Oil steadied above $124 on Thursday, after extending a steep drop from this month's record high due to U.S. data that signalled economic woes and high prices were slowing demand in the world's top consumer.

Petrol pumps
An undated file photo shows petrol pumps at a petrol station in London. IBTimes/Alan Channer

Prices have now fallen more than $23 a barrel from their all-time peak above $147 on July 11, marking the biggest decline in dollar terms in the market's history. In percentage terms, the 15 percent tumble is the steepest pull-back since early 2007.

U.S. light crude for September delivery gained 16 cents to $124.60 a barrel by 7:55 a.m. British time, after hitting a seven-week low of $123.89. Prices had tumbled by more than $4 a barrel on Wednesday, its sixth day of losses over the past seven sessions.

London Brent crude rose 20 cents to $125.49 a barrel.

The decline came after data late on Wednesday showed a larger-than-expected increase in U.S. gasoline stocks last week, together with weak implied demand. U.S. crude stocks dropped after a sharp decline in imports.

"We do not see any factors to push up prices at all at the moment," said Tetsu Emori, a fund manager at Astmax Co Ltd in Tokyo, adding he expected oil to move towards $117 or $118 a barrel this week.

"In the long run, demand in emerging markets should outweigh slower demand in the U.S. and other countries but for (now) the market is focusing on the short term only," Emori added.
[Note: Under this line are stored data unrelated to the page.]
(* Over a right nonsingular ring  Z(M/Z(M/Q)) = 0, i.e. the Goldie closure
   Z_2 coincides with the singular closure. *)
Lemma sing_rel_idem (hNS : right_nonsingular R) (Q : M -> Prop) : submod Q ->
  forall y, sing_rel (sing_rel Q) y -> sing_rel Q y.
Proof.
move=> [Q0 QD QZ] y [I [[_ essI] sing_Iy]].
exists (fun c : RRt => Q ((c : R^c) *: y)); split => //; split.
  split; first by rewrite scale0r.
    by move=> a b Qa Qb; rewrite scalerDl; apply: QD.
  by move=> r c Qc; rewrite -scalerA; apply: QZ.
move=> L [L0 LD LZ] nzL.
have [z [Iz Lz nz]] := essI L (And3 L0 LD LZ) nzL.
have [J [essJ QJ]] := sing_Iy z Iz.
have [b [Jb nb]] := essential_not_ann hNS essJ nz.
exists ((b : R^c) *: z); split => //; first by rewrite -scalerA; apply: QJ.
by apply: LZ.
Qed.

Lemma hom_kills_sing_rel (hNS : right_nonsingular R) (phi : M -> RRt) (Q : M -> Prop) :
  linear_on (@full_sub _ M) phi -> (forall y, Q y -> phi y = 0) ->
  forall y, sing_rel Q y -> phi y = 0.
Proof.
move=> [_ phiZ] phiQ y [I [essI QI]]; apply: hNS; exists I; split => // a Ia.
by rewrite /zero_sub -phiZ // phiQ //; apply: QI.
Qed.

End InModule.
End SingularClosure.

(* The quotient module M/T of M by a submodule T, with canonical projection
   qproj.  Elements are canonical representatives chosen by Hilbert's epsilon. *)
Section QuotientModule.
Variable R : nzRingType.
Variable M : lmodType R^c.
Variable T : M -> Prop.
Hypothesis sT : submod T.

Let T0 : T 0. Proof. by case: sT. Qed.
Let TD x y : T x -> T y -> T (x + y). Proof. by case: sT => _ + _; apply. Qed.
Let TZ a x : T x -> T (a *: x). Proof. by case: sT => _ _; apply. Qed.
Let TB x y : T x -> T y -> T (x - y).
Proof. by move=> Tx Ty; apply: TD => //; rewrite -scaleN1r; apply: TZ. Qed.

Definition coset (m : M) : M -> Prop := fun y => T (y - m).
Definition rep (m : M) : M := epsilon (inhabits 0) (coset m).

Lemma rep_coset m : T (rep m - m).
Proof. by apply: (epsilon_spec (inhabits 0) (coset m)); exists m; rewrite /coset subrr; exact: T0. Qed.

Lemma rep_eq m m' : rep m = rep m' <-> T (m - m').
Proof.
split=> [e | Tmm'].
  have := TB (rep_coset m') (rep_coset m); rewrite e.
  by rewrite opprB addrC addrA subrK addrC.
rewrite /rep; congr (epsilon _ _); apply: functional_extensionality => y.
apply: propositional_extensionality; rewrite /coset; split => Ty.
  by have := TD Ty Tmm'; rewrite addrA subrK.
by have := TB Ty Tmm'; rewrite opprB addrA subrK.
Qed.

Lemma rep_idem m : rep (rep m) == rep m.
Proof. by apply/eqP/rep_eq/rep_coset. Qed.

(* The module structure of the quotient depends on the submodule proof. *)
Definition quot of submod T := {m : M | rep m == m}.
Local Notation Mq := (quot sT).
HB.instance Definition _ := Choice.on Mq.
Definition qproj (m : M) : Mq := exist _ (rep m) (rep_idem m).

Lemma qproj_eq m m' : qproj m = qproj m' <-> T (m - m').
Proof.
split=> [e | Tmm']; first by apply/rep_eq; have := congr1 val e.
by apply: val_inj => /=; apply/rep_eq.
Qed.

Lemma qproj_val (x : Mq) : qproj (val x) = x.
Proof. by apply: val_inj => /=; apply/eqP; case: x. Qed.

Let val_qproj m : T (val (qproj m) - m). Proof. exact: rep_coset. Qed.

Let addQ (x y : Mq) := qproj (val x + val y).
Let oppQ (x : Mq) := qproj (- val x).
Let scaleQ (a : R^c) (x : Mq) := qproj (a *: val x).

Let qproj_addl m m' : qproj (val (qproj m) + m') = qproj (m + m').
Proof. by apply/qproj_eq; rewrite opprD addrACA subrr addr0; exact: val_qproj. Qed.
Let qproj_addr m m' : qproj (m + val (qproj m')) = qproj (m + m').
Proof. by rewrite addrC qproj_addl addrC. Qed.
Let qproj_add m m' : qproj (val (qproj m) + val (qproj m')) = qproj (m + m').
Proof. by rewrite qproj_addl qproj_addr. Qed.
Let qproj_scale a m : qproj (a *: val (qproj m)) = qproj (a *: m).
Proof. by apply/qproj_eq; rewrite -scalerBr; apply/TZ/val_qproj. Qed.

Let addQA : associative addQ.
Proof. by move=> x y z; rewrite /addQ qproj_addl qproj_addr addrA. Qed.
Let addQC : commutative addQ.
Proof. by move=> x y; rewrite /addQ addrC. Qed.
Let add0Q : left_id (qproj 0) addQ.
Proof. by move=> x; rewrite /addQ qproj_addl add0r qproj_val. Qed.
Let addNQ : left_inverse (qproj 0) oppQ addQ.
Proof. by move=> x; rewrite /addQ /oppQ qproj_addl addNr. Qed.

HB.instance Definition _ := GRing.isZmodule.Build Mq addQA addQC add0Q addNQ.

Let scaleQA a b x : scaleQ a (scaleQ b x) = scaleQ (a * b) x.
Proof. by rewrite /scaleQ qproj_scale scalerA. Qed.
Let scale1Q : left_id 1 scaleQ.
Proof. by move=> x; rewrite /scaleQ scale1r qproj_val. Qed.
Let scaleQDr : right_distributive scaleQ +%R.
Proof.
move=> a x y; change (scaleQ a (addQ x y) = addQ (scaleQ a x) (scaleQ a y)).
by rewrite /scaleQ /addQ qproj_scale qproj_add scalerDr.
Qed.
Let scaleQDl x : {morph scaleQ^~ x : a b / a + b}.
Proof.
move=> a b; change (scaleQ (a + b) x = addQ (scaleQ a x) (scaleQ b x)).
by rewrite /scaleQ /addQ qproj_add scalerDl.
Qed.

HB.instance Definition _ :=
  GRing.Zmodule_isLmodule.Build R^c Mq scaleQA scale1Q scaleQDr scaleQDl.

Lemma qprojD m m' : qproj (m + m') = qproj m + qproj m'.
Proof. by change (qproj (m + m') = addQ (qproj m) (qproj m')); rewrite /addQ qproj_add. Qed.

Lemma qprojZ a m : qproj (a *: m) = a *: qproj m.
Proof. by change (qproj (a *: m) = scaleQ a (qproj m)); rewrite /scaleQ qproj_scale. Qed.

Lemma qproj_eq0 m : qproj m = 0 <-> T m.
Proof. by change (qproj m = qproj 0 <-> T m); rewrite qproj_eq subr0. Qed.

Lemma qproj_linear : linear_on (@full_sub _ M) qproj.
Proof. by split => [x y _ _|a x _]; rewrite ?qprojD ?qprojZ. Qed.

End QuotientModule.

Section BaerIdempotent.
Variable R : nzRingType.
Variable M : lmodType R^c.
Variable K : M -> Prop.
Hypothesis sK : submod K.
Variable n : nat.
Variable v : 'I_n.+1 -> M.
Hypothesis gen : forall x : M, exists c : 'I_n.+1 -> R^c, x = \sum_i c i *: v i.
Local Notation Mat := 'M[R]_n.+1.

Definition colv (j : 'I_n.+1) (X : Mat) : M := \sum_i (X i j : R^c) *: v i.

Definition cols_in_K (s : Mat) : Prop := forall j, K (colv j s).
Definition annK (Y : Mat) : Prop := forall s, cols_in_K s -> Y * s = 0.

Lemma colvD j X Y : colv j (X + Y) = colv j X + colv j Y.
Proof. by rewrite /colv -big_split; apply: eq_bigr => i _; rewrite mxE scalerDl. Qed.

Lemma colv0 j : colv j 0 = 0.
Proof. by rewrite /colv big1 // => i _; rewrite mxE scale0r. Qed.

Lemma colvB j X Y : colv j (X - Y) = colv j X - colv j Y.
Proof. by rewrite /colv -sumrB; apply: eq_bigr => i _; rewrite !mxE scalerDl scaleNr. Qed.

Lemma colvZ j (X : Mat) (a : R^c) : a *: colv j X = colv j (X * (a : R)%:M).
Proof.
rewrite /colv scaler_sumr; apply: eq_bigr => i _.
by rewrite scalerA -diag_const_mx -mulmxE mul_mx_diag !mxE.
Qed.

Lemma colv_mul (A X : Mat) : colv 0 (A * X) = \sum_k (X k 0 : R^c) *: colv k A.
Proof.
rewrite /colv; under eq_bigr do rewrite mxE scaler_suml.
rewrite exchange_big /=; apply: eq_bigr => k _.
by rewrite scaler_sumr; apply: eq_bigr => i _; rewrite scalerA.
Qed.

Lemma colv_surj y : exists X : Mat, colv 0 X == y.
Proof.
have [c ->] := gen y; exists (\matrix_(i, j) (c i : R)); apply/eqP.
by apply: eq_bigr => i _; rewrite mxE.
Qed.

Definition code (y : M) : Mat := xchoose (colv_surj y).

Lemma colv_code y : colv 0 (code y) = y.
Proof. exact/eqP/(xchooseP (colv_surj y)). Qed.

Variable e : Mat.
Hypothesis e_idem : e * e = e.
Hypothesis e_ann : forall x, (forall s, annK s -> s * x = 0) <-> exists y, x = e * y.

Local Notation f := (1 - e).

Lemma f_e : f * e = 0. Proof. by rewrite mulrBl mul1r e_idem subrr. Qed.
Lemma f_idem : f * f = f. Proof. by rewrite mulrBr mulr1 f_e subr0. Qed.
Lemma e_plus_f : e + f = 1. Proof. by rewrite addrC subrK. Qed.

(* If the first column of W codes an element of K, then f W has first column
   zero: the matrix whose columns all equal that column lies in e M_{n+1}(R). *)
Lemma f_col0_K W : K (colv 0 W) -> forall i, (f * W) i 0 = 0.
Proof.
move=> KW i; set s : Mat := \matrix_(i, j) W i 0.
have Ks : cols_in_K s.
  move=> j; suff -> : colv j s = colv 0 W by [].
  by apply: eq_bigr => k _; rewrite mxE.
have [y def_s] : exists y, s = e * y by apply/e_ann => Y annY; apply: annY.
have fs : f * s = 0 by rewrite mulrBl mul1r def_s mulrA e_idem subrr.
transitivity ((f * s) i 0); last by rewrite fs mxE.
rewrite [LHS]mxE [RHS]mxE; apply: eq_bigr => k _.
by congr (_ * _); rewrite /s mxE.
Qed.

Lemma f_col0_wd Z1 Z2 : colv 0 Z1 = colv 0 Z2 -> forall i, (f * Z1) i 0 = (f * Z2) i 0.
Proof.
move=> eqZ i; apply/eqP; rewrite -subr_eq0; apply/eqP.
have K12 : K (colv 0 (Z1 - Z2)) by rewrite colvB eqZ subrr; case: sK.
by rewrite -(f_col0_K K12 i) mulrBr !mxE.
Qed.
Surging demand from emerging economies such as China and India has fuelled a sixfold rise in oil prices since 2002, but concerns over flagging demand in top consumers, such as the United States, Japan and South Korea, have dampened the rally as of late.

Investment bank Lehman Brothers on Wednesday slashed its forecast for 2008 world oil demand growth due to a steeper-than-expected slowdown in energy consumption in the United States and other OECD countries.

The market's rout appeared to spur some traders to unwind short-dollar/long-oil positions built up earlier this year, helping lift the U.S. currency to a one-month high against the yen and in turn driving down other commodity prices.